━━━ Record extracts
Lemma shallow_profile_inj x y : shallow x -> shallow y -> profile x = profile y -> x = y.
Proof.
move=> Sx Sy pxy; apply: (cpoint_eq Sx.1 Sy.1) => a ya.
have ka := cpoint_kform Sy.1 ya; have [b /InP brep Lab] := reps_cover ka.
have kb : kform k b by apply: (allP kreps).
have batom : b \in atoms by rewrite mem_cat brep orbT.
have : truthb (y b) by apply/truthbP/(shallow_Lh_iff Sy ka kb Lab).
by rewrite -((eq_in_map _ _ _).2 pxy b batom) => /truthbP /(shallow_Lh_iff Sx ka kb Lab).
Qed.

Definition profiles : seq (seq bool) :=
  [seq pi <- [seq tval t | t <- enum {: (size atoms).-tuple bool}]
   | truthb (exists2 x, shallow x & profile x = pi)].

Lemma profilesP pi : pi \in profiles <-> exists2 x, shallow x & profile x = pi.
Proof.
rewrite mem_filter; split=> [/andP [/truthbP] //|[x Sx <-]].
apply/andP; split; first by apply/truthbP; exists x.
have sx : size (profile x) == size atoms by rewrite size_profile.
by apply/mapP; exists (Tuple sx); rewrite ?mem_enum.
Qed.

Lemma profile_mem x : shallow x -> profile x \in profiles.
Proof. by move=> Sx; apply/profilesP; exists x. Qed.

Lemma size_profiles pi : pi \in profiles -> size pi = size atoms.
Proof. by case/profilesP => x _ <-; apply: size_profile. Qed.

Lemma char_profile x pi : cpoint L k x -> pi \in profiles -> x (char pi) -> profile x = pi.
Proof. by move=> Hx /size_profiles spi /(cpoint_char Hx spi). Qed.

Lemma char_of_profile x : cpoint L k x -> x (char (profile x)).
Proof. by move=> Hx; apply/(cpoint_char Hx (size_profile x)). Qed.

(* Only meaningful for pi \in profiles. *)
Definition point_of pi : form n -> Prop :=
  epsilon (inhabits (fun _ => False)) (fun x => shallow x /\ profile x = pi).

Lemma point_ofP pi : pi \in profiles -> shallow (point_of pi) /\ profile (point_of pi) = pi.
Proof.
case/profilesP => x Sx px.
by apply: (epsilon_spec _ (fun x => shallow x /\ profile x = pi)); exists x.
Qed.

Lemma point_of_profile x : shallow x -> point_of (profile x) = x.
Proof.
move=> Sx; have [Sp pp] := point_ofP (profile_mem Sx).
exact: shallow_profile_inj.
Qed.

Definition succ_profiles i pi :=
  [seq pi' <- profiles | truthb (Ri L k i (point_of pi) (point_of pi'))].

Definition local_form pi :=
  bigAnd [seq And (Box i (bigOr (map char (succ_profiles i pi))))
                  (bigAnd [seq Dia i (char pi') | pi' <- succ_profiles i pi]) | i <- enum 'I_n].

Definition diagram :=
  And (box_star m (bigOr (map char profiles)))
      (bigAnd [seq box_star m (Imp (char pi) (local_form pi)) | pi <- profiles]).

Lemma kform_local_form pi : kform k (local_form pi).
Proof.
rewrite kform_bigAnd; apply/allP => _ /mapP [i _ ->].
rewrite kform_And /= kform_bigOr kform_bigAnd.
apply/andP; split; apply/allP => _ /mapP [pi' _ ->]; rewrite ?kform_Dia; exact: kform_char.
Qed.
Lemma DK_contractL A l G b Σ Ω Γ0 : omegaOK A ->
  (forall H g, A = Dbox H g -> contractible [:: g] [::]) ->
  der (map snd l) [:: b] -> (forall Ha, In Ha l -> val Ha.1 \subset val G) ->
  (forall f, In f Σ -> sigmaK G f) -> (forall f, In f Ω -> omegaOK f) ->
  Permutation (Σ ++ boxes l) (A :: A :: Γ0) -> der (A :: Γ0) (Dbox G b :: Ω).
Proof.
move=> omA ctr_g Dp lG HΣ HΩ P.
suff from_Σ : ~ In A (boxes l) -> der (A :: Γ0) (Dbox G b :: Ω).
  case: A omA ctr_g P from_Σ => [p| |? ?|? ?|? ?|?|H g] //= _ ctr_g P from_Σ;
    try by apply: from_Σ => /in_map_iff[? []].
  case: (boolP (val H \subset val G)) => HG.
    have disj f : In f [:: Dbox H g; Dbox H g] -> ~ In f Σ.
      by case=> [<-|[<-|[]]] /HΣ /=; rewrite HG.
    have [m [Pl PΓ0]] := Permutation_app_disjoint disj P.
    have [l3 [eml Pl3]] := Permutation_map_inv _ _ (Permutation_sym Pl).
    move: PΓ0; case: l3 eml Pl3 => [|[H1 g1] [|[H2 g2] l']] //= [<- <- <- <- ->] Pl3 PΓ0.
    have Dp' : der (g :: g :: map snd l') [:: b].
      by have Psnd := Permutation_map snd Pl3; from_perm Dp.
    have lG' Ha : In Ha ((H, g) :: l') -> val Ha.1 \subset val G.
      by move=> Hal; apply: lG; apply: Permutation_in (Permutation_sym Pl3) _; right.
    have D := d_DK (l := (H, g) :: l') (ctr_g H g erefl _ _ Dp') lG' HΣ HΩ.
    from_perm D.
  by apply: from_Σ => /(In_boxes_subset lG); apply/negP.
move=> Al.
have disj f : In f [:: A; A] -> ~ In f (boxes l) by case=> [<-|[<-|[]]].
have P' : Permutation (boxes l ++ Σ) ([:: A; A] ++ Γ0) by perm_solve.
have [m [PΣ PΓ0]] := Permutation_app_disjoint disj P'.
have D := d_DK (Σ := A :: m) Dp lG (fun f fm => HΣ f (Permutation_cons_In PΣ fm)) HΩ.
from_perm D.
Qed.

Lemma DD_contractL A a Ga Γd Σ Ω Γ0 : omegaOK A ->
  (forall H g, A = Dbox H g -> contractible [:: g] [::]) ->
  L = LKD -> val Ga = [set a] -> Γd <> [::] -> der Γd [::] ->
  (forall f, In f Σ -> sigmaD a f) -> (forall f, In f Ω -> omegaOK f) ->
  Permutation (Σ ++ map (Dbox Ga) Γd) (A :: A :: Γ0) -> der (A :: Γ0) Ω.
Proof.
move=> omA ctr_g LD Ga1 ne Dp HΣ HΩ P.
suff from_Σ : ~ In A (map (Dbox Ga) Γd) -> der (A :: Γ0) Ω.
  case: A omA ctr_g P from_Σ => [p| |? ?|? ?|? ?|?|H g] //= _ ctr_g P from_Σ;
    try by apply: from_Σ => /in_map_iff[? []].
  case: (eqVneq H Ga) => [eHGa|HGa]; last first.
    by apply: from_Σ => /in_map_iff[? [[eH _] _]]; rewrite eH eqxx in HGa.
  subst H; have disj f : In f [:: Dbox Ga g; Dbox Ga g] -> ~ In f Σ.
    by case=> [<-|[<-|[]]] /HΣ /=; rewrite Ga1 eqxx.
  have [m [PΓd PΓ0]] := Permutation_app_disjoint disj P.
  have [l3 [eml PΓdl]] := Permutation_map_inv _ _ (Permutation_sym PΓd).
  move: PΓ0; case: l3 eml PΓdl => [|g1 [|g2 Γ']] //= [<- <- ->] PΓdl PΓ0.
  have Dp' : der (g :: g :: Γ') [::] by from_perm Dp.
  have D := d_DD (Γ := g :: Γ') LD Ga1 ltac:(by []) (ctr_g Ga g erefl _ _ Dp') HΣ HΩ.
  from_perm D.
move=> AΓd.
have disj f : In f [:: A; A] -> ~ In f (map (Dbox Ga) Γd) by case=> [<-|[<-|[]]].
have P' : Permutation (map (Dbox Ga) Γd ++ Σ) ([:: A; A] ++ Γ0) by perm_solve.
have [m [PΣ PΓ0]] := Permutation_app_disjoint disj P'.
have D := d_DD (Σ := A :: m) LD Ga1 ne Dp
  (fun f fm => HΣ f (Permutation_cons_In PΣ fm)) HΩ.
from_perm D.
Qed.

Lemma contractibleL_omega A : omegaOK A ->
  (forall H g, A = Dbox H g -> contractible [:: g] [::]) -> contractible [:: A] [::].
Proof.
move=> omA ctr_g Γ Δ D.
suff rep : replaceable [:: A; A] [::] [:: A] [::] ([:: A; A] ++ Γ) Δ by exact: rep.
apply: der_replaceable D
  => [p Γ' Δ' /= pA Γ0 Δ0 PΓ PΔ|Γ' Δ' /= bA Γ0 Δ0 PΓ PΔ||? ? ? ? _ []||].
- have eA : A = Var p by case: pA => [|[|[]]].
  subst A; from_perm (d_init L p Γ0 Δ').
- have eA : A = Bot by case: bA => [|[|[]]].
  subst A; from_perm (d_bot L Γ0 Δ0).
- move=> ps B Γ' Δ' r /= BA IH Γ0 Δ0 PΓ PΔ.
  have eB : B = A by case: BA => [|[|[]]].
  subst B; have [G [a [LT eA eps]]] := shared_rule_principalL_omega r (or_introl erefl) omA.
  subst ps; have [_ rep] := IH _ (or_introl erefl).
  have PΓ' := Permutation_cons_inv PΓ.
  have D : der ([:: A] ++ a :: Γ0) ([::] ++ Δ0) by apply: rep; perm_solve.
  by subst A; apply: d_DT.
- move=> l G b Σ Ω Dp lG HΣ HΩ Γ0 Δ0 PΓ PΔ.
  have D := DK_contractL omA ctr_g Dp lG HΣ HΩ PΓ.
  from_perm D.
- move=> a Ga Γd Σ Ω LD Ga1 ne Dp HΣ HΩ Γ0 Δ0 PΓ PΔ.
  have D := DD_contractL omA ctr_g LD Ga1 ne Dp HΣ HΩ PΓ.
  from_perm D.
Qed.

Lemma contractible_formula A : contractible [:: A] [::] /\ contractible [::] [:: A].
Proof.
elim: A => [p| |a [cLa cRa] b [cLb cRb]|a [cLa cRa] b [cLb cRb]|a [cLa cRa] b [cLb cRb]
           |a [cLa cRa]|H g [cLg _]].
- by split; [apply: contractibleL_omega => // ? ? []|exact: contractibleR_omega].
- by split; [apply: contractibleL_omega => // ? ? []|exact: contractibleR_omega].
- split; first by apply: (contractible_shared_rule (r_Land a b)) => // s [<-|[]];
                  exact: contractible_cat cLa cLb.
  by apply: (contractible_shared_rule (r_Rand a b)) => // s [<-|[<-|[]]].
- split; first by apply: (contractible_shared_rule (r_Lor a b)) => // s [<-|[<-|[]]].
  by apply: (contractible_shared_rule (r_Ror a b)) => // s [<-|[]];
    exact: contractible_cat cRa cRb.
- split; first by apply: (contractible_shared_rule (r_Limp a b)) => // s [<-|[<-|[]]].
  by apply: (contractible_shared_rule (r_Rimp a b)) => // s [<-|[]];
    exact: contractible_cat cLa cRb.
- split; first by apply: (contractible_shared_rule (r_Lneg a)) => // s [<-|[]].
  by apply: (contractible_shared_rule (r_Rneg a)) => // s [<-|[]].
- by split; [apply: contractibleL_omega => // ? ? [_ <-]|exact: contractibleR_omega].
Qed.

Lemma der_contract X Y Γ Δ : der (X ++ X ++ Γ) (Y ++ Y ++ Δ) -> der (X ++ Γ) (Y ++ Δ).
Proof.
move: Γ Δ; elim: X => [|A X IH]; last exact: contractible_cat (contractible_formula A).1 IH.
elim: Y => [|B Y IH]; first by move=> Γ Δ.
exact: contractible_cat (contractible_formula B).2 IH.
Qed.

Lemma der_invR_And a b Γ Δ : der Γ (And a b :: Δ) -> der Γ (a :: Δ) /\ der Γ (b :: Δ).
Proof.
move=> D; split; first exact: der_shared_inv (r_Rand a b) erefl id (or_introl erefl) D.
exact: der_shared_inv (r_Rand a b) erefl id (or_intror (or_introl erefl)) D.
Qed.

Lemma der_invL_And a b Γ Δ : der (And a b :: Γ) Δ -> der (a :: b :: Γ) Δ.
Proof. exact: der_shared_inv (r_Land a b) erefl id (or_introl erefl). Qed.

Lemma der_invR_Or a b Γ Δ : der Γ (Or a b :: Δ) -> der Γ (a :: b :: Δ).
Proof. exact: der_shared_inv (r_Ror a b) erefl id (or_introl erefl). Qed.

Lemma der_invL_Or a b Γ Δ : der (Or a b :: Γ) Δ -> der (a :: Γ) Δ /\ der (b :: Γ) Δ.
Proof.
move=> D; split; first exact: der_shared_inv (r_Lor a b) erefl id (or_introl erefl) D.
exact: der_shared_inv (r_Lor a b) erefl id (or_intror (or_introl erefl)) D.
Qed.

Lemma der_invR_Imp a b Γ Δ : der Γ (Imp a b :: Δ) -> der (a :: Γ) (b :: Δ).
Proof. exact: der_shared_inv (r_Rimp a b) erefl id (or_introl erefl). Qed.

Lemma der_invL_Imp a b Γ Δ : der (Imp a b :: Γ) Δ -> der Γ (a :: Δ) /\ der (b :: Γ) Δ.
Proof.
move=> D; split; first exact: der_shared_inv (r_Limp a b) erefl id (or_introl erefl) D.
exact: der_shared_inv (r_Limp a b) erefl id (or_intror (or_introl erefl)) D.
Qed.

Lemma der_invR_Neg a Γ Δ : der Γ (Neg a :: Δ) -> der (a :: Γ) Δ.
Proof. exact: der_shared_inv (r_Rneg a) erefl id (or_introl erefl). Qed.

Lemma der_invL_Neg a Γ Δ : der (Neg a :: Γ) Δ -> der Γ (a :: Δ).
Proof. exact: der_shared_inv (r_Lneg a) erefl id (or_introl erefl). Qed.

Definition cut_admissible A :=
  forall Γ Δ Γ' Δ', der Γ (A :: Δ) -> der (A :: Γ') Δ' -> der (Γ ++ Γ') (Δ ++ Δ').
━━━━━━
Exercise instructions → Here the job is to set down exactly the lines of the material above that fall between the one with "by move=> Hal;" and the one with "l) by case=> [<-|[<-|[]]].", inclusive, and nothing beyond them.

Written reply →
      by move=> Hal; apply: lG; apply: Permutation_in (Permutation_sym Pl3) _; right.
    have D := d_DK (l := (H, g) :: l') (ctr_g H g erefl _ _ Dp') lG' HΣ HΩ.
    from_perm D.
  by apply: from_Σ => /(In_boxes_subset lG); apply/negP.
move=> Al.
have disj f : In f [:: A; A] -> ~ In f (boxes l) by case=> [<-|[<-|[]]].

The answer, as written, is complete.